Circulating free DNA
Circulating free DNA (cfDNA) (also known as cell-free DNA) are degraded DNA fragments released to body fluids such as blood plasma, urine, cerebrospinal fluid, etc. Typical sizes of cfDNA fragments reflect chromatosome particles (~165bp), as well as multiples of nucleosomes, which protect DNA from digestion by apoptotic nucleases.[1] The term cfDNA can be used to describe various forms of DNA freely circulating in body fluids, including circulating tumor DNA (ctDNA), cell-free mitochondrial DNA (ccf mtDNA), cell-free fetal DNA (cffDNA) and donor-derived cell-free DNA (dd-cfDNA).[2] Elevated levels of cfDNA are observed in cancer, especially in advanced disease.[3] There is evidence that cfDNA becomes increasingly frequent in circulation with the onset of age.[4] cfDNA has been shown to be a useful biomarker for a multitude of ailments other than cancer and fetal medicine. This includes but is not limited to trauma, sepsis, aseptic inflammation, myocardial infarction, stroke, transplantation, diabetes, and sickle cell disease.[5] cfDNA is mostly a double-stranded extracellular molecule of DNA, consisting of small fragments (50 to 200 bp) [6][7] and larger fragments (21 kb) [8] and has been recognized as an accurate marker for the diagnosis of prostate cancer and breast cancer.[9]

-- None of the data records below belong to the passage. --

Lemma prime_ext_ideal : prime_ideal (ext_ideal P).
Proof.
split=> [|f g|g f|/ext_idealE|f g].
- by apply/ext_idealE => i; rewrite coef0; exact: ideal0.
- by move=> /ext_idealE Pf /ext_idealE Pg; apply/ext_idealE => i; rewrite coefD; apply: idealD.
- by move=> /ext_idealE Pf; apply/ext_idealE; apply: coefs_inMl.
- by move/(_ 0%N); rewrite coef1; case: hP.
- by move=> /ext_idealE /coefs_in_primeM[] /ext_idealE; [left | right].
Qed.

Variable delta : R -> R.
Hypotheses (hd : derivation delta) (P_delta : forall x, P x -> P (delta x)).

Lemma poisson_prime_ext_ideal :
  poisson_prime_ideal (der_bracket (@deriv R) (map_poly delta)) (ext_ideal P).
Proof.
split=> [|f g /ext_idealE Pf]; first exact: prime_ext_ideal.
apply/ext_idealE/coefs_inB; apply: coefs_inMr => i.
  by rewrite coef_deriv; apply: idealMn.
by rewrite coef_map_id0 ?(derivation0 hd) //; apply: P_delta.
Qed.

End ExtensionIdeal.

Section PoissonCentre.
Variables (k : fieldType) (R : idomainType) (delta : R -> R).
Hypotheses (hd : derivation delta) (natr_eq0 : forall n, (n%:R == 0 :> R) = (n == 0)%N).
Variable a0 : R.
Hypothesis delta_a0 : delta a0 != 0.

Local Notation Bt := (der_bracket (@deriv R) (map_poly delta)).

Variable s : k -> {fraction {poly R}}.
Variable B : {fraction {poly R}} -> {fraction {poly R}} -> {fraction {poly R}}.
Hypotheses (s1 : s 1 = 1) (hB : poisson_bracket s B).
Hypothesis B_tofrac : forall f g, B f%:F g%:F = (Bt f g)%:F.
Variable delta' : {fraction R} -> {fraction R}.
Hypotheses (hdelta' : derivation delta') (delta'_tofrac : forall a, delta' a%:F = (delta a)%:F).

Local Notation central z := (forall w, B z w = 0).

Lemma central_quotE (p q : {poly R}) : q != 0 ->
  central (p%:F / q%:F) <-> forall u, q * Bt p u = p * Bt q u.
Proof.
move=> q_neq0; split=> [/(poisson_central_quotE s1 hB _ q_neq0) cross u | cross].
  by apply: tofrac_inj; rewrite !tofracM -!B_tofrac cross.
by apply/(poisson_central_quotE s1 hB _ q_neq0) => u; rewrite !B_tofrac -!tofracM cross.
Qed.

Lemma central_wronskian (p q : {poly R}) : q != 0 ->
  central (p%:F / q%:F) -> q * p^`() = p * q^`().
Proof.
move=> q_neq0 /(central_quotE _ q_neq0)/(_ a0%:P).
rewrite !der_bracket_polyCr // !mulrA; apply: mulIf.
by rewrite polyC_eq0.
Qed.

Other publications confirm the origin of cfDNA from carcinomas and cfDNA occurs in patients with advanced cancer. Cell‐free DNA (cfDNA) is present in the circulating plasma and in other body fluids.[10]
The release of cfDNA into the bloodstream appears by different reasons, including apoptosis, necrosis and NETosis. Its rapidly increased accumulation in blood during tumor development is caused by an excessive DNA release by apoptotic cells and necrotic cells. Active secretion within exosomes has been discussed, but it is still unknown whether this is a relevant or relatively minor source of cfDNA.[11]
cfDNA circulates predominantly as nucleosomes, which are nuclear complexes of histones and DNA.[12] cfDNA can also be observed in shorter size ranges (e.g. 50bp) and associated with regulatory elements. [13] They are frequently nonspecifically elevated in cancer but may be more specific for monitoring cytotoxic cancer therapy, mainly for the early estimation of therapy efficacy.[14]
History
Circulating nucleic acids were first discovered by Mandel and Metais in 1948.[15] It was later discovered that the level of cfDNA is significantly increased in the plasma of diseased patients. This discovery was first made in lupus patients[16] and later it was determined that the levels of cfDNA are elevated in over half of cancer patients.[17] Molecular analysis of cfDNA resulted in an important discovery that blood plasma DNA from cancer patients contains tumor-associated mutations and it can be used for cancer diagnostics and follow up.[18][19] The ability to extract circulating tumor DNA (ctDNA) from the human plasma has led to huge advancements in noninvasive cancer detection.[20] Most notably, it has led to what is now known as liquid biopsy. In short, liquid biopsy is using biomarkers and cancer cells in the blood as a means of diagnosing cancer type and stage.[21] This type of biopsy is noninvasive and allows for the routine clinical screening that is important in determining cancer relapse after initial treatment.[22]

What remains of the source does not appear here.